Problem description | Scan the entries line by line and return those with "repeat".

Data for the task |
/---
(* A univariate rational function whose derivative stays bounded on one side of [r] has a limit
   at [r]: a genuine pole would make it unbounded there. *)
Lemma ratfun_punctured_lim P Q r d M : (exists s, horner Q s <> 0) -> 0 < d ->
  (forall t, r < t < r + d -> horner Q t <> 0 ->
     exists D, derivable_pt_lim (ratfun P Q) t D /\ Rabs D <= M) ->
  exists L, punctured_lim (ratfun P Q) r L.
Proof.
  intros [s0 Hs0] Hd Hder.
  destruct (horner_factor_root r Q) as [HQ | [k [Q1 [HQ1 HQ]]]]; [now exfalso; apply Hs0|].
  destruct (continuity_pt_nonzero_near _ r (continuity_pt_horner Q1 r) HQ1) as [d1 [Hd1 HQ1near]].
  assert (HQnear : forall t, t <> r -> Rabs (t - r) < d1 -> horner Q t <> 0).
  { intros t Htr Ht; rewrite HQ; apply Rmult_integral_contrapositive_currified;
      [apply pow_nonzero; lra | auto]. }
  destruct (horner_factor_root r P) as [HP | [kP [P1 [HP1 HP]]]].
  { exists 0; intros eps Heps; exists 1; split; [lra|]; intros t _ _.
    unfold ratfun; rewrite HP, Rdiv_0_l, Rminus_0_r, Rabs_R0; auto. }
  assert (Hcont1 : continuity_pt (fun t => horner P1 t / horner Q1 t) r)
    by (apply continuity_pt_div; auto using continuity_pt_horner).
  destruct (le_lt_dec k kP) as [Hk | Hk].
  - set (psi t := (t - r) ^ (kP - k) * (horner P1 t / horner Q1 t)).
    assert (Hpsi : continuity_pt psi r).
    { apply (continuity_pt_mult (fun t => (t - r) ^ (kP - k))); auto.
      apply continuity_pt_filterlim, (ex_derive_continuous (fun t => (t - r) ^ (kP - k))).
      auto_derive; auto. }
    exists (psi r); intros eps Heps; destruct (Hpsi eps Heps) as [d2 [Hd2 Hpsi2]].
    exists (Rmin d1 d2); split; [apply Rmin_pos; auto|]; intros t Htr Ht.
    assert (Ht1 : Rabs (t - r) < d1) by (eapply Rlt_le_trans; [exact Ht | apply Rmin_l]).
    replace (ratfun P Q t) with (psi t).
    + apply (Hpsi2 t); split; [split; [exact I | auto]|].
      eapply Rlt_le_trans; [exact Ht | apply Rmin_r].
    + unfold psi, ratfun; rewrite HP, HQ.
      replace ((t - r) ^ kP) with ((t - r) ^ (kP - k) * (t - r) ^ k)
        by (rewrite <- pow_add; f_equal; lia).
      field; split; [apply HQ1near; auto | apply pow_nonzero; lra].
  - exfalso; apply HP1.
    set (d2 := Rmin (Rmin d d1) 1).
    assert (Hd2 : 0 < d2 /\ d2 <= d /\ d2 <= d1 /\ d2 <= 1).
    { unfold d2; pose proof (Rmin_l (Rmin d d1) 1); pose proof (Rmin_r (Rmin d d1) 1).
      pose proof (Rmin_l d d1); pose proof (Rmin_r d d1).
      repeat split; try lra; repeat apply Rmin_pos; lra. }
    set (s := r + d2 / 2); set (B := Rabs (ratfun P Q s) + Rabs M * d2).
    assert (Hbound : forall t, r < t < r + d2 -> Rabs (ratfun P Q t) <= B).
    { intros t Ht.
      assert (Hlip := derivative_bound_lipschitz (ratfun P Q) (Rabs M) r (r + d2)).
      assert (H : Rabs (ratfun P Q t - ratfun P Q s) <= Rabs M * Rabs (t - s)).
      { apply Hlip; unfold s; try lra.
        intros u Hu; destruct (Hder u) as [D [HD HDM]]; [lra | apply HQnear; rewrite ?Rabs_right; lra|].
        exists D; split; [auto | eapply Rle_trans; [exact HDM | apply Rle_abs]]. }
      assert (Rabs M * Rabs (t - s) <= Rabs M * d2)
        by (apply Rmult_le_compat_l; [apply Rabs_pos | apply Rabs_le; unfold s; lra]).
      pose proof (Rabs_triang_inv (ratfun P Q t) (ratfun P Q s)); unfold B; lra. }
    replace (horner P1 r) with (horner P1 r / horner Q1 r * horner Q1 r) by (field; auto).
    rewrite (continuity_pt_vanishing_right _ r B d2 Hcont1), Rmult_0_l; [auto | lra |].
    intros t Ht.
    assert (Hm : horner P1 t / horner Q1 t = (t - r) * ((t - r) ^ (k - kP - 1) * ratfun P Q t)).
    { unfold ratfun; rewrite HP, HQ.
      replace ((t - r) ^ k) with ((t - r) * (t - r) ^ (k - kP - 1) * (t - r) ^ kP)
        by (rewrite tech_pow_Rmult, <- pow_add; f_equal; lia).
      assert (t - r <> 0) by lra.
      field; repeat split; try apply pow_nonzero; auto; apply HQ1near; rewrite Rabs_right; lra. }
    rewrite Hm, Rabs_mult, Rabs_mult, (Rabs_right (t - r)) by lra.
    rewrite Rmult_comm; apply Rmult_le_compat_r; [lra|].
    rewrite <- (Rmult_1_l B); apply Rmult_le_compat; try apply Rabs_pos; [| apply Hbound; lra].
    rewrite <- RPow_abs, Rabs_right by lra.
    destruct (k - kP - 1)%nat as [|m] eqn:Em; [simpl; lra|].
    apply Rlt_le, pow_lt_1_compat; [lra | lia].
Qed.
\---
Finished task |
      repeat split; try lra; repeat apply Rmin_pos; lra. }
      field; repeat split; try apply pow_nonzero; auto; apply HQ1near; rewrite Rabs_right; lra. }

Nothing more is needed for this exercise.